(* Let $\mathcal{C}\subseteq\mathbb{R}^n$ be a nonempty closed convex set and $\theta_0\in\mathcal{C}$. Then for every $x\in\mathbb{R}^n$, $$\|\Pi_{F_{\mathcal{C}}(\theta_0)}(x)\|^2\ge\|\Pi_{K_{\mathcal{C}}}(x)\|^2.$$
   Context: $\Pi_S$ is Euclidean projection onto a closed convex set $S$. $F_{\mathcal{C}}(\theta_0)=\{\theta-\theta_0:\theta\in\mathcal{C}\}$; $T_{\mathcal{C}}(\theta)=\mathrm{cl}\{\alpha(\theta'-\theta):\alpha\ge0,\theta'\in\mathcal{C}\}$ is the tangent cone; $K_{\mathcal{C}}=\bigcap_{\theta\in\mathcal{C}}T_{\mathcal{C}}(\theta)$ is the core cone. *)

From HB Require Import structures.
From mathcomp Require Import all_boot all_order all_algebra.
From mathcomp Require Import all_classical all_reals all_analysis.
Set Implicit Arguments. Unset Strict Implicit. Unset Printing Implicit Defensive.
Import Order.TTheory GRing.Theory Num.Theory numFieldNormedType.Exports.
Local Open Scope classical_set_scope.
Local Open Scope ring_scope.

Definition sqnorm (R : realType) (n : nat) (v : 'rV[R]_n) : R :=
  \sum_(i < n) v ord0 i ^+ 2.

Definition convex_set_rV (R : realType) (n : nat) (C : set 'rV[R]_n) : Prop :=
  forall x y t, C x -> C y -> 0 <= t -> t <= 1 -> C (t *: x + (1 - t) *: y).

Definition is_proj (R : realType) (n : nat) (S : set 'rV[R]_n) (x p : 'rV[R]_n) : Prop :=
  S p /\ forall q, S q -> sqnorm (x - p) <= sqnorm (x - q).

(* Pi_S(x): the (unique, for S nonempty closed convex) nearest point, chosen by choice *)
Definition euclid_proj (R : realType) (n : nat) (S : set 'rV[R]_n) (x : 'rV[R]_n) : 'rV[R]_n :=
  xget 0 (is_proj S x).

Definition feas_dir (R : realType) (n : nat) (C : set 'rV[R]_n) (th0 : 'rV[R]_n) : set 'rV[R]_n :=
  [set th - th0 | th in C].

Definition tangent_cone (R : realType) (n : nat) (C : set 'rV[R]_n) (th : 'rV[R]_n) : set 'rV[R]_n :=
  @closure [the topologicalType of 'rV[R]_n] [set v | exists alpha : R, exists2 th', C th' & 0 <= alpha /\ v = alpha *: (th' - th)].

(* K_C = intersection of T_C(theta) over theta in C *)
Definition core_cone (R : realType) (n : nat) (C : set 'rV[R]_n) : set 'rV[R]_n :=
  \bigcap_(th in C) tangent_cone C th.

From HB Require Import structures.
From mathcomp Require Import all_boot all_order all_algebra.
From mathcomp Require Import all_classical all_reals all_analysis.
From mathcomp Require Import ring lra.

(* Let p be the projection of x onto F := F_C(theta0) and q the projection
   onto K := K_C.  Since p = theta - theta0 for some theta in C, and p is the
   projection onto the convex set F, we have <x - p, theta' - theta> <= 0 for
   all theta' in C; this half-space inequality passes to the closure of the
   cone spanned by C - theta, i.e. to T_C(theta), and hence to q:
   <x - p, q> <= 0.  Since K is closed under positive scaling, q also
   satisfies |q|^2 <= <x, q>.  Together, |q|^2 <= <p, q>, and expanding
   0 <= |p - q|^2 gives |q|^2 <= |p|^2. *)

Set Implicit Arguments.
Unset Strict Implicit.
Unset Printing Implicit Defensive.
Import Order.TTheory GRing.Theory Num.Theory numFieldNormedType.Exports.
Local Open Scope classical_set_scope.
Local Open Scope ring_scope.

Lemma le0_of_le_scaled (R : realFieldType) (a b : R) : 0 <= b ->
  (forall s, 0 < s -> s < 1 -> a <= s * b) -> a <= 0.
Proof.
move=> b_ge0 le_ab; rewrite leNgt; apply/negP => a_gt0.
have d_gt0 : 0 < 2 * a + b by lra.
have s_gt0 : 0 < a / (2 * a + b) by rewrite divr_gt0.
have s_lt1 : a / (2 * a + b) < 1 by rewrite ltr_pdivrMr // mul1r; lra.
have := le_ab _ s_gt0 s_lt1; rewrite mulrAC ler_pdivlMr //; nra.
Qed.

Lemma continuous_closure_sub (T U : topologicalType) (f : T -> U)
    (A : set T) (B : set U) :
  continuous f -> f @` A `<=` B -> f @` closure A `<=` closure B.
Proof.
move=> f_cont fAB _ [x Ax <-].
suff : closure A `<=` f @^-1` closure B by apply.
have /closure_id -> : closed (f @^-1` closure B).
  by apply: preimage_closed; [move=> ? _; exact: f_cont | exact: closed_closure].
by apply: closureS => y Ay; apply: subset_closure; apply: fAB; exists y.
Qed.

Section euclidean_space.
Variables (R : realType) (n : nat).
Implicit Types (u v w x a th : 'rV[R]_n) (S C : set 'rV[R]_n).

Definition dot u v : R := \sum_(i < n) u ord0 i * v ord0 i.

Lemma dotBl u v w : dot (u - v) w = dot u w - dot v w.
Proof. by rewrite /dot -sumrB; apply: eq_bigr => i _; rewrite !mxE mulrBl. Qed.

Lemma dotZr u v (a : R) : dot u (a *: v) = a * dot u v.
Proof. by rewrite /dot mulr_sumr; apply: eq_bigr => i _; rewrite !mxE mulrCA. Qed.

Lemma dotvv u : dot u u = sqnorm u.
Proof. by apply: eq_bigr => i _; rewrite expr2. Qed.

Lemma sqnorm_ge0 u : 0 <= sqnorm u.
Proof. by apply: sumr_ge0 => i _; rewrite sqr_ge0. Qed.

Lemma sqnorm0 : sqnorm (0 : 'rV[R]_n) = 0.
Proof. by rewrite /sqnorm big1 // => i _; rewrite mxE expr0n. Qed.

Lemma sqnormDZ u v (s : R) :
  sqnorm (u + s *: v) = sqnorm u + 2 * s * dot u v + s ^+ 2 * sqnorm v.
Proof.
rewrite /sqnorm /dot !mulr_sumr -!big_split /=.
by apply: eq_bigr => i _; rewrite !mxE; ring.
Qed.

Lemma sqnormB u v : sqnorm (u - v) = sqnorm u - 2 * dot u v + sqnorm v.
Proof. by rewrite -scaleN1r sqnormDZ; ring. Qed.

Lemma sqnormBC u v : sqnorm (u - v) = sqnorm (v - u).
Proof. by apply: eq_bigr => i _; rewrite !mxE; ring. Qed.

Lemma continuous_sqnorm : continuous (@sqnorm R n).
Proof.
apply: (@continuous_big R _ +%R 0 xpredT add_continuous) => i _ v.
under eq_fun do rewrite expr2.
by apply: continuousM; exact: coord_continuous.
Qed.

Lemma continuous_dot u : continuous (dot u).
Proof.
apply: (@continuous_big R _ +%R 0 xpredT add_continuous) => i _ v.
by apply: continuousM; [exact: cst_continuous | exact: coord_continuous].
Qed.

Lemma closed_halfspace a : closed [set v | dot a v <= 0].
Proof.
apply: (@preimage_closed _ _ (dot a) [set z : R | z <= 0]) => [v _|].
  exact: continuous_dot.
exact: closed_le.
Qed.

Lemma continuous_sqnormB x : continuous (fun y : 'rV[R]_n => sqnorm (x - y)).
Proof.
move=> y; apply: continuous_comp; last exact: continuous_sqnorm.
by apply: (@continuousB _ _ _ (fun=> x) id); [exact: cst_continuous | exact: cvg_id].
Qed.

(* [`|v|] is the sup norm of the row vector [v]; the [1 +] avoids square roots. *)
Lemma normr_le1Dsqnorm v : `|v| <= 1 + sqnorm v.
Proof.
rewrite -[`|v|]/(mx_norm v) mx_normrE; apply: bigmax_le => [|[i j] _ /=].
  by rewrite addr_ge0 ?sqnorm_ge0.
have vj_le : v i j ^+ 2 <= sqnorm v.
  rewrite (ord1 i) /sqnorm (bigD1 j) //= lerDl.
  by apply: sumr_ge0 => k _; exact: sqr_ge0.
rewrite -real_normK ?num_real // in vj_le.
have := normr_ge0 (v i j); nra.
Qed.

Lemma is_proj_exists S x : closed S -> S !=set0 -> exists p, is_proj S x p.
Proof.
move=> S_closed [s0 Ss0].
pose r := sqnorm (x - s0).
pose A := S `&` [set y | sqnorm (x - y) <= r].
have A_closed : closed A.
  apply: closedI => //.
  apply: (@preimage_closed _ _ _ [set z : R | z <= r]); last exact: closed_le.
  by move=> y _; exact: continuous_sqnormB.
have A_bounded : bounded_set A.
  exists (`|x| + (1 + r)); split; first exact: num_real.
  move=> M ltM y [_ /= xy_le]; apply: ltW; apply: le_lt_trans ltM.
  rewrite -[y](subrK x) (le_trans (ler_normD _ _)) // addrC lerD2l.
  by rewrite (le_trans (normr_le1Dsqnorm _)) // lerD2l sqnormBC.
have A_compact := bounded_closed_compact A_bounded A_closed.
have A_ne0 : A !=set0 by exists s0; split => //=; exact: lexx.
have [p pA p_min] := EVT_min_rV A_ne0 A_compact
  (continuous_subspaceT (@continuous_sqnormB x)).
move: pA; rewrite inE => -[Sp p_le]; exists p; split => // q Sq.
have [q_le|q_gt] := leP (sqnorm (x - q)) r; first by apply: p_min; rewrite inE.
exact: le_trans p_le (ltW q_gt).
Qed.

Lemma is_proj_euclid_proj S x :
  (exists p, is_proj S x p) -> is_proj S x (euclid_proj S x).
Proof. exact: xgetPex. Qed.

Lemma euclid_proj_default S x :
  ~ (exists p, is_proj S x p) -> euclid_proj S x = 0.
Proof. by move=> no_proj; apply: xgetPN => p p_proj; apply: no_proj; exists p. Qed.

Lemma euclid_projP S x : closed S -> S !=set0 -> is_proj S x (euclid_proj S x).
Proof. by move=> S_closed S_ne0; apply/is_proj_euclid_proj/is_proj_exists. Qed.

Lemma is_proj_convex S x p f :
  convex_set_rV S -> is_proj S x p -> S f -> dot (x - p) (f - p) <= 0.
Proof.
move=> S_convex [Sp p_min] Sf.
suff : 2 * dot (x - p) (f - p) <= 0 by lra.
apply: (le0_of_le_scaled (sqnorm_ge0 (f - p))) => s s_gt0 s_lt1.
have Sps : S (p + s *: (f - p)).
  have -> : p + s *: (f - p) = s *: f + (1 - s) *: p.
    by rewrite scalerBr scalerBl scale1r addrCA addrA.
  by apply: S_convex => //; lra.
have := p_min _ Sps.
rewrite opprD addrA -scaleNr sqnormDZ.
have := sqnorm_ge0 (f - p); nra.
Qed.

Lemma is_proj_cone S x q : (forall t v, 0 <= t -> S v -> S (t *: v)) ->
  is_proj S x q -> sqnorm q <= dot x q.
Proof.
move=> S_cone [Sq q_min].
suff : - 2 * dot (x - q) q <= 0 by rewrite dotBl dotvv; lra.
apply: (le0_of_le_scaled (sqnorm_ge0 q)) => s s_gt0 s_lt1.
have := q_min _ (S_cone (1 - s) q ltac:(lra) Sq).
rewrite scalerBl scale1r opprB addrCA addrC sqnormDZ.
have := sqnorm_ge0 q; nra.
Qed.

Lemma feas_dirE C th0 : feas_dir C th0 = (fun y => y + th0) @^-1` C.
Proof.
apply/seteqP; split => [_ [th Cth <-]|y Cy] /=; first by rewrite subrK.
by exists (y + th0); rewrite ?addrK.
Qed.

Lemma closed_feas_dir C th0 : closed C -> closed (feas_dir C th0).
Proof.
move=> C_closed; rewrite feas_dirE; apply: preimage_closed => // y _.
by apply: (@continuousD _ _ _ id (fun=> th0)); [exact: cvg_id | exact: cst_continuous].
Qed.

Lemma feas_dir0 C th0 : C th0 -> feas_dir C th0 0.
Proof. by exists th0; rewrite ?subrr. Qed.

Lemma convex_feas_dir C th0 : convex_set_rV C -> convex_set_rV (feas_dir C th0).
Proof.
move=> C_convex _ _ t [th1 Cth1 <-] [th2 Cth2 <-] t_ge0 t_le1.
exists (t *: th1 + (1 - t) *: th2); first exact: C_convex.
by apply/rowP => i; rewrite !mxE; ring.
Qed.

Lemma tangent_coneZ C th t v :
  0 <= t -> tangent_cone C th v -> tangent_cone C th (t *: v).
Proof.
move=> t_ge0 Tv.
apply: (continuous_closure_sub _ _ (ex_intro2 _ _ v Tv erefl)).
  exact: scaler_continuous.
move=> _ [_ [alpha [th' Cth' [alpha_ge0 ->]]] <-].
by exists (t * alpha), th'; rewrite ?scalerA ?mulr_ge0.
Qed.

Lemma core_coneZ C t v : 0 <= t -> core_cone C v -> core_cone C (t *: v).
Proof. by move=> t_ge0 Kv th Cth; apply: tangent_coneZ => //; exact: Kv. Qed.

Lemma tangent_cone_sub_halfspace C th a :
  (forall th', C th' -> dot a (th' - th) <= 0) ->
  tangent_cone C th `<=` [set v | dot a v <= 0].
Proof.
move=> a_le; rewrite [X in _ `<=` X](closure_id _).1; last exact: closed_halfspace.
apply: closureS => _ [alpha [th' Cth' [alpha_ge0 ->]]] /=.
by rewrite dotZr mulr_ge0_le0 ?a_le.
Qed.

End euclidean_space.

Theorem lemma11 (R : realType) (n : nat) (C : set 'rV[R]_n) (th0 : 'rV[R]_n) :
  C !=set0 -> closed C -> convex_set_rV C -> C th0 ->
  forall x : 'rV[R]_n,
    sqnorm (euclid_proj (core_cone C) x) <= sqnorm (euclid_proj (feas_dir C th0) x).
Proof.
move=> _ C_closed C_convex Cth0 x.
have p_proj := euclid_projP x (closed_feas_dir C_closed)
  (ex_intro _ _ (feas_dir0 Cth0)).
set p := euclid_proj _ x in p_proj *.
have [/is_proj_euclid_proj q_proj|no_proj] :=
  pselect (exists q, is_proj (core_cone C) x q); last first.
  (* This case cannot occur, but the junk value [0] makes the bound trivial. *)
  by rewrite euclid_proj_default ?sqnorm0 ?sqnorm_ge0.
set q := euclid_proj _ x in q_proj *.
have q_le : sqnorm q <= dot x q := is_proj_cone (@core_coneZ _ _ C) q_proj.
have pq_le : dot (x - p) q <= 0.
  have [th Cth p_def] := p_proj.1.
  apply: (tangent_cone_sub_halfspace (th := th)); last exact: q_proj.1.
  move=> th' Cth'.
  have -> : th' - th = th' - th0 - p by rewrite -p_def opprB addrA subrK.
  exact: is_proj_convex (convex_feas_dir C_convex) p_proj
    (ex_intro2 _ _ th' Cth' erefl).
have := sqnorm_ge0 (p - q); rewrite sqnormB.
move: q_le pq_le; rewrite dotBl; lra.
Qed.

********************

What to do: Report how many lines of the records above contain the word "Printing", giving only the number.

Your response: 2